Developing a geographic search filter to identify randomised controlled trials in Africa: finding the optimal balance between sensitivity and precision.

机构信息

South African Cochrane Centre, Medical Research Council, Tygerberg, South Africa.

出版信息

Health Info Libr J. 2011 Sep;28(3):210-5. doi: 10.1111/j.1471-1842.2011.00936.x. Epub 2011 Mar 30.

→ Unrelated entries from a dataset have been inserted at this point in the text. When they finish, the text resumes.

(* Let $\alpha\in\ell^2$, $\epsilon>0$ and $N\ge1$ an integer, and suppose that the $(\epsilon,L)$-sequence associated with $\alpha$ and $\epsilon$ has length at least $N$, i.e. $c_N<\infty$. Then $a_N(R_\alpha)\ge\epsilon/\sqrt2$.
   Context: $\mathbb{N}=\{0,1,2,\dots\}$; $\ell^2$ is the space of square-summable functions $\mathbb{N}\to\mathbb{C}$; $(R_\alpha f)(k)=\alpha_k\sum_{j=0}^kf(j)$. Approximation numbers: $a_{n+1}(T)=\inf\{\|T-P\|:P$ linear on $\ell^2$ with rank $\le n\}$. For a finite natural interval $I$: $\mu(I)=\sum_{k\in I}|\alpha_k|^2$, $\|f\|_{2,I}=(\sum_{k\in I}|f(k)|^2)^{1/2}$, $l(I,f)=\sum_{k\in I}\sum_{n\in I\setminus\{k\}}|\alpha_k\alpha_n\sum_{j=\min(k,n)+1}^{\max(k,n)}f(j)|^2$, $L(I)=(\sup_{\|f\|_{2,I}\le1}l(I,f)/\mu(I))^{1/2}$ (sup over $f$ supported in $I$; $L(I)=0$ if $\alpha$ vanishes on $I$). $(\epsilon,L)$-sequence: $c_0=0$, $c_{k+1}=\inf\{t\in\mathbb{N}:t>c_k,\ L([c_k,t-1])>\epsilon\}$ ($\inf\emptyset=+\infty$). *)

From Stdlib Require Import Reals.
From Coquelicot Require Import Coquelicot.
Open Scope R_scope.

Fixpoint csum (n : nat) (F : nat -> C) : C :=
  match n with O => 0%C | S m => Cplus (csum m F) (F m) end.

Definition Rbar_sqrt (x : Rbar) : Rbar :=
  match x with Finite r => Finite (sqrt r) | p_infty => p_infty | m_infty => Finite 0 end.

Definition l2 (f : nat -> C) : Prop := ex_series (fun k => (Cmod (f k)) ^ 2).

Definition l2norm (f : nat -> C) : Rbar :=
  Rbar_sqrt (Sup_seq (fun n => Finite (sum_n (fun k => (Cmod (f k)) ^ 2) n))).

Definition Ralpha (alpha : nat -> C) (f : nat -> C) : nat -> C :=
  fun k => Cmult (alpha k) (sum_n f k).

Definition opnorm (A : (nat -> C) -> (nat -> C)) : Rbar :=
  Rbar_lub (fun x => exists f, l2 f /\ Rbar_le (l2norm f) (Finite 1) /\ x = l2norm (A f)).

Definition lin_l2 (P : (nat -> C) -> (nat -> C)) : Prop :=
  (forall f, l2 f -> l2 (P f)) /\
  (forall f g (a : C), l2 f -> l2 g ->
     P (fun k => Cplus (f k) (Cmult a (g k))) = (fun k => Cplus (P f k) (Cmult a (P g k)))).

Definition rank_le (P : (nat -> C) -> (nat -> C)) (n : nat) : Prop :=
  exists v : nat -> (nat -> C), (forall i, (i < n)%nat -> l2 (v i)) /\
    forall f, l2 f -> exists c : nat -> C,
      P f = (fun k => csum n (fun i => Cmult (c i) (v i k))).

(* a_{n+1}(T) = inf { ||T - P|| : P linear on l^2, rank P <= n };
   approx_num T N = a_N(T)  (meaningful for N >= 1) *)
Definition approx_num (T : (nat -> C) -> (nat -> C)) (N : nat) : Rbar :=
  Rbar_glb (fun x => exists P, lin_l2 P /\ rank_le P (N - 1) /\
                       x = opnorm (fun f k => Cminus (T f k) (P f k))).

Definition muI (alpha : nat -> C) (a b : nat) : R :=
  sum_n_m (fun k => (Cmod (alpha k)) ^ 2) a b.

DOI:10.1111/j.1471-1842.2011.00936.x
PMID:21831220
Abstract

BACKGROUND

Research on identifying trials using geographic filters is limited.

OBJECTIVES

To test the sensitivity and precision of a filter to identify African randomised controlled trials (RCTs).

METHODS

We searched medline and embase for RCTs published in 2004 using a Cochrane filter for RCTs. The search was limited to HIV/AIDS but irrespective of location. Two investigators independently identified African RCTs from the retrieved records forming a reference set. We then repeated the search using an African geographic filter comprising country and regional terms forming the filter set. We compared the sensitivity and precision of the sets.

RESULTS

The medline reference set comprised 1799 records with 23 African RCTs; for embase, the reference set comprised 763 records with 37 African RCTs. The medline filter set comprised 180 records with 17 African RCTs; the embase filter set comprised 98 records with 27 African RCTs. Sensitivity of the filter was 74% (medline) and 73% (embase). Addition of the filter improved precision from 1.3% to 9.4% (medline) and from 5% to 28% (embase).

CONCLUSION

The African filter improved precision with some loss in sensitivity. Incomplete reporting of trial location in electronic bibliographic records restricts efficiency of geographic filters. Prospective trial registration should alleviate this.

摘要

背景

针对使用地理筛选器识别试验的研究有限。

目的

测试一种筛选器识别非洲随机对照试验(RCT)的灵敏度和精度。

方法

我们使用 Cochrane RCT 筛选器在 2004 年发表的 medline 和 embase 中搜索 RCT。该搜索仅限于 HIV/AIDS,但不考虑地点。两名研究人员独立从检索到的记录中识别出非洲 RCT,形成参考集。然后,我们使用包含国家和地区术语的非洲地理筛选器重复搜索,形成筛选器集。我们比较了两个集合的灵敏度和精度。

结果

medline 参考集包含 1799 条记录和 23 项非洲 RCT;embase 参考集包含 763 条记录和 37 项非洲 RCT。medline 筛选器集包含 180 条记录和 17 项非洲 RCT;embase 筛选器集包含 98 条记录和 27 项非洲 RCT。筛选器的灵敏度为 74%(medline)和 73%(embase)。添加筛选器后,精度从 1.3%提高到 9.4%(medline)和从 5%提高到 28%(embase)。

结论

非洲筛选器提高了精度,但牺牲了部分灵敏度。电子书目记录中试验地点报告不完整,限制了地理筛选器的效率。前瞻性试验注册应能缓解这一问题。